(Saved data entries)
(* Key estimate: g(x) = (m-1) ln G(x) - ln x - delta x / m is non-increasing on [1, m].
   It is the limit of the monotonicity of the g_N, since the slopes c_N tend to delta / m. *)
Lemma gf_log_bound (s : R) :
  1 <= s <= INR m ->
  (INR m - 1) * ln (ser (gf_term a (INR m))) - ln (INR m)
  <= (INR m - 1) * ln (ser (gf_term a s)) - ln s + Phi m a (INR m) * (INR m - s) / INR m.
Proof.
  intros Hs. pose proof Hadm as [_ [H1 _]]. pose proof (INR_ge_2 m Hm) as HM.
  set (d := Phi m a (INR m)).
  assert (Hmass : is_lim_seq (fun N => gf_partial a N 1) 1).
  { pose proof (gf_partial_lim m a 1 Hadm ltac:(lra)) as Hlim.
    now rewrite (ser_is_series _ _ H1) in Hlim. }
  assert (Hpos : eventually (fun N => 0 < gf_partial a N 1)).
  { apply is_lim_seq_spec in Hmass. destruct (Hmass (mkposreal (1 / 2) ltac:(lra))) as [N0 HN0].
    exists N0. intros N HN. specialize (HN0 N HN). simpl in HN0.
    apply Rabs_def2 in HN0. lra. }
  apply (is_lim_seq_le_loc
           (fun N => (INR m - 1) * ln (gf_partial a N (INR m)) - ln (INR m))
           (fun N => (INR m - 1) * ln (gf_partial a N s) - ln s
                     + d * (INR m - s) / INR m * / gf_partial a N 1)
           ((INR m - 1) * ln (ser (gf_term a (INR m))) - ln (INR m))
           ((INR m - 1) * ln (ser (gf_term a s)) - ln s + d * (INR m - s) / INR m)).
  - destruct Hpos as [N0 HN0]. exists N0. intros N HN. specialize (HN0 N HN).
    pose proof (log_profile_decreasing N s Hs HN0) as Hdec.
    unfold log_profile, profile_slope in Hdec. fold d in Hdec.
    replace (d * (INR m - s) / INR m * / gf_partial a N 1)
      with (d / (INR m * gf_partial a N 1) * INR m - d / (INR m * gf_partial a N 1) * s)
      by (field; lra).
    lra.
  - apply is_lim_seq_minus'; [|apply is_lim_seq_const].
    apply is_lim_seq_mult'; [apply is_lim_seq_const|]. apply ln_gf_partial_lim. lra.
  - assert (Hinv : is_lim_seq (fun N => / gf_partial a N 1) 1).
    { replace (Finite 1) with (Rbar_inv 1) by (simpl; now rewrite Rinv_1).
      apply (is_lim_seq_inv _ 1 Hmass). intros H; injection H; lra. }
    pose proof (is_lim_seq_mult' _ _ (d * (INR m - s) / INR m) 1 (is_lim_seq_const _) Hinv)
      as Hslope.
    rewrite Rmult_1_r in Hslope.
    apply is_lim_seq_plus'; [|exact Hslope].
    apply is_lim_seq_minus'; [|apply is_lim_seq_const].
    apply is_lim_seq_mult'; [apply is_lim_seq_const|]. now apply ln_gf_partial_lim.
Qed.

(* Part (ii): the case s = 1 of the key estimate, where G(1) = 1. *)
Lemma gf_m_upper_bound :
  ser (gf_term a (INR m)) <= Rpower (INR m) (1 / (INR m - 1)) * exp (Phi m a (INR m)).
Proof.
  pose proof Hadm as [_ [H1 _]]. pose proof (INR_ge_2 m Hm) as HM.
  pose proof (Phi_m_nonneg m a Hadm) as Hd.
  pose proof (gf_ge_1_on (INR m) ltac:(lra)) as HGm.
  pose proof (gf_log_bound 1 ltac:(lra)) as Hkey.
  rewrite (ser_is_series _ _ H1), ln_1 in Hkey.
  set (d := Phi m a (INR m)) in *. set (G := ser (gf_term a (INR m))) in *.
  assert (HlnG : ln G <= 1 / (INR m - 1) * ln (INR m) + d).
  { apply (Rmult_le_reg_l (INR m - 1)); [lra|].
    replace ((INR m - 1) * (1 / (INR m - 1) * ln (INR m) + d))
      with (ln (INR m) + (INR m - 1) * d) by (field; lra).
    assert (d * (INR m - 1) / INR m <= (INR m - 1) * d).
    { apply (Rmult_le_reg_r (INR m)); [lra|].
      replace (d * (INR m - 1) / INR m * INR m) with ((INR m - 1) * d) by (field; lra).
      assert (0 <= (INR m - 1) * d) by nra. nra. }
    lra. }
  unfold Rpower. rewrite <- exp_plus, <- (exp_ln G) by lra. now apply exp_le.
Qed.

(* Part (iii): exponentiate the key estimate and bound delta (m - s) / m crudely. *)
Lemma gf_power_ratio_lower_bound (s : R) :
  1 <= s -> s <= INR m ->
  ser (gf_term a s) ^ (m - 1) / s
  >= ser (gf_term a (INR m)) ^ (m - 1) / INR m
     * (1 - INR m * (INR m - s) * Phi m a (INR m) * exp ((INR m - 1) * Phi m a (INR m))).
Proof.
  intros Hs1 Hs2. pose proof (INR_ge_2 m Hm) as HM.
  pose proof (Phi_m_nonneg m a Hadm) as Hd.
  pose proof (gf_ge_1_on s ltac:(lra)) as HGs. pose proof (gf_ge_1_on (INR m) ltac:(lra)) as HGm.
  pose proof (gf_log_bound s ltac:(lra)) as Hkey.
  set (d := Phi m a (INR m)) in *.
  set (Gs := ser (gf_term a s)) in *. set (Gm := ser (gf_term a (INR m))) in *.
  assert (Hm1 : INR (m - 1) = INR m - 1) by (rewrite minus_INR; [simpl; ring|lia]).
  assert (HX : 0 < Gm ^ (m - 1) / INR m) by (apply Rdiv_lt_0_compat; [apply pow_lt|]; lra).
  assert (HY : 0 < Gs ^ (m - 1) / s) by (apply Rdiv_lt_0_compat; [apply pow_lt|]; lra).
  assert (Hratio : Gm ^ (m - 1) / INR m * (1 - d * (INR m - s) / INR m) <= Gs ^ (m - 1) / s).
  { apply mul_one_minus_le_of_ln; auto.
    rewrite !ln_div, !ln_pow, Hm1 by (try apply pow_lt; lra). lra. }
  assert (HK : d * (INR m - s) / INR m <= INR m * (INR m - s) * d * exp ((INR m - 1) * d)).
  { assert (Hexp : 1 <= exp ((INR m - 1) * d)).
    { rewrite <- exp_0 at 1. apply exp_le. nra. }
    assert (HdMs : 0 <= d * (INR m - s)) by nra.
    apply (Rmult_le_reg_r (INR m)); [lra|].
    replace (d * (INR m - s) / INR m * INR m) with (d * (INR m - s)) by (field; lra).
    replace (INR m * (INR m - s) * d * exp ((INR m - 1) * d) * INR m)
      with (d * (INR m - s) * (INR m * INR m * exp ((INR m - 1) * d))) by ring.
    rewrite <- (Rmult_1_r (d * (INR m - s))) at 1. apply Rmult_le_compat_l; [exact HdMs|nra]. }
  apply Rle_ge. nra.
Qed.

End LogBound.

...

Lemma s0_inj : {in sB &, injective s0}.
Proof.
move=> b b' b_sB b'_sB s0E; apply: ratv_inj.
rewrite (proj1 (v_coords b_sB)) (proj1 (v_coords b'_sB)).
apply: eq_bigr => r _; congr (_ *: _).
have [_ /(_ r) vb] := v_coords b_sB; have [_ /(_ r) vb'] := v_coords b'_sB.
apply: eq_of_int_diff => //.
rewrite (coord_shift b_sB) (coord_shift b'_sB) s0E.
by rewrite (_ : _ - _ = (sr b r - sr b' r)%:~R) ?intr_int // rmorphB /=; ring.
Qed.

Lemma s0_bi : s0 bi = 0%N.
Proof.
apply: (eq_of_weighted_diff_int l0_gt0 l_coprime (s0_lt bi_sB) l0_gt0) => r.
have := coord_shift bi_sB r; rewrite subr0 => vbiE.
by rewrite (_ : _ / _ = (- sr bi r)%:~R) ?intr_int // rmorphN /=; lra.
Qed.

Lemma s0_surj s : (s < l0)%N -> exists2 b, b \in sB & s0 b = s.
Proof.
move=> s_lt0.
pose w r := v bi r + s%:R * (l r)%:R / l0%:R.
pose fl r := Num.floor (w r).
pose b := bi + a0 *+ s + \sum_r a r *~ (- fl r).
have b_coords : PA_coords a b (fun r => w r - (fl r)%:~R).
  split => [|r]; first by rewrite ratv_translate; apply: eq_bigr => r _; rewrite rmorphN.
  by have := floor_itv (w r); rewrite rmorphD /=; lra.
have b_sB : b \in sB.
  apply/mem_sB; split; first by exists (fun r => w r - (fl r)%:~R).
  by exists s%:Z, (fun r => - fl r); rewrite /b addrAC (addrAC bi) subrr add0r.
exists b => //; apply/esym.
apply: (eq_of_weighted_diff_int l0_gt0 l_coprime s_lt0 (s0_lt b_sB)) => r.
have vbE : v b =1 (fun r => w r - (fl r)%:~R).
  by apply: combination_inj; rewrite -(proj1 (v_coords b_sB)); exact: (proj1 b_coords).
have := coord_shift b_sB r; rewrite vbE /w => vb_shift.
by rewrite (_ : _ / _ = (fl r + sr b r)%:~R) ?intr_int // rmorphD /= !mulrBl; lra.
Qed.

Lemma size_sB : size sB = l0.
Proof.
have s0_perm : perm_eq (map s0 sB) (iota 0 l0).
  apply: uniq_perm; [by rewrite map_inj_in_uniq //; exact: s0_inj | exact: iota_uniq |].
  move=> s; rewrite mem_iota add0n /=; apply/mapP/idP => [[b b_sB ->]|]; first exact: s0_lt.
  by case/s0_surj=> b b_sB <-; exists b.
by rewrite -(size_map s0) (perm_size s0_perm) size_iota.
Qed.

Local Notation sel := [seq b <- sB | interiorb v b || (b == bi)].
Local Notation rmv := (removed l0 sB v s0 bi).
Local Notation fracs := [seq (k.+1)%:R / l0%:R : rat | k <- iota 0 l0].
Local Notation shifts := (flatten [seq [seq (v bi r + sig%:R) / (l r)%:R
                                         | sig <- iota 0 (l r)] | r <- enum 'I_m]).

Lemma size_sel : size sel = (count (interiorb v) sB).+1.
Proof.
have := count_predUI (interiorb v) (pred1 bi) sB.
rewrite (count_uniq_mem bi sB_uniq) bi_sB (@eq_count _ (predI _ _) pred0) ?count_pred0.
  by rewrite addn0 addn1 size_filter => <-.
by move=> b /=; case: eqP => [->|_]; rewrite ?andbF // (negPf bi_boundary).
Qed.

WHAT YOU SHOULD DO ->
Could you set down, word for word, only the lines above from the line with "(* Key estimate: g(x)" to the line with "intros Hs. pose", including both?

RESULT BELOW ->
(* Key estimate: g(x) = (m-1) ln G(x) - ln x - delta x / m is non-increasing on [1, m].
   It is the limit of the monotonicity of the g_N, since the slopes c_N tend to delta / m. *)
Lemma gf_log_bound (s : R) :
  1 <= s <= INR m ->
  (INR m - 1) * ln (ser (gf_term a (INR m))) - ln (INR m)
  <= (INR m - 1) * ln (ser (gf_term a s)) - ln s + Phi m a (INR m) * (INR m - s) / INR m.
Proof.
  intros Hs. pose proof Hadm as [_ [H1 _]]. pose proof (INR_ge_2 m Hm) as HM.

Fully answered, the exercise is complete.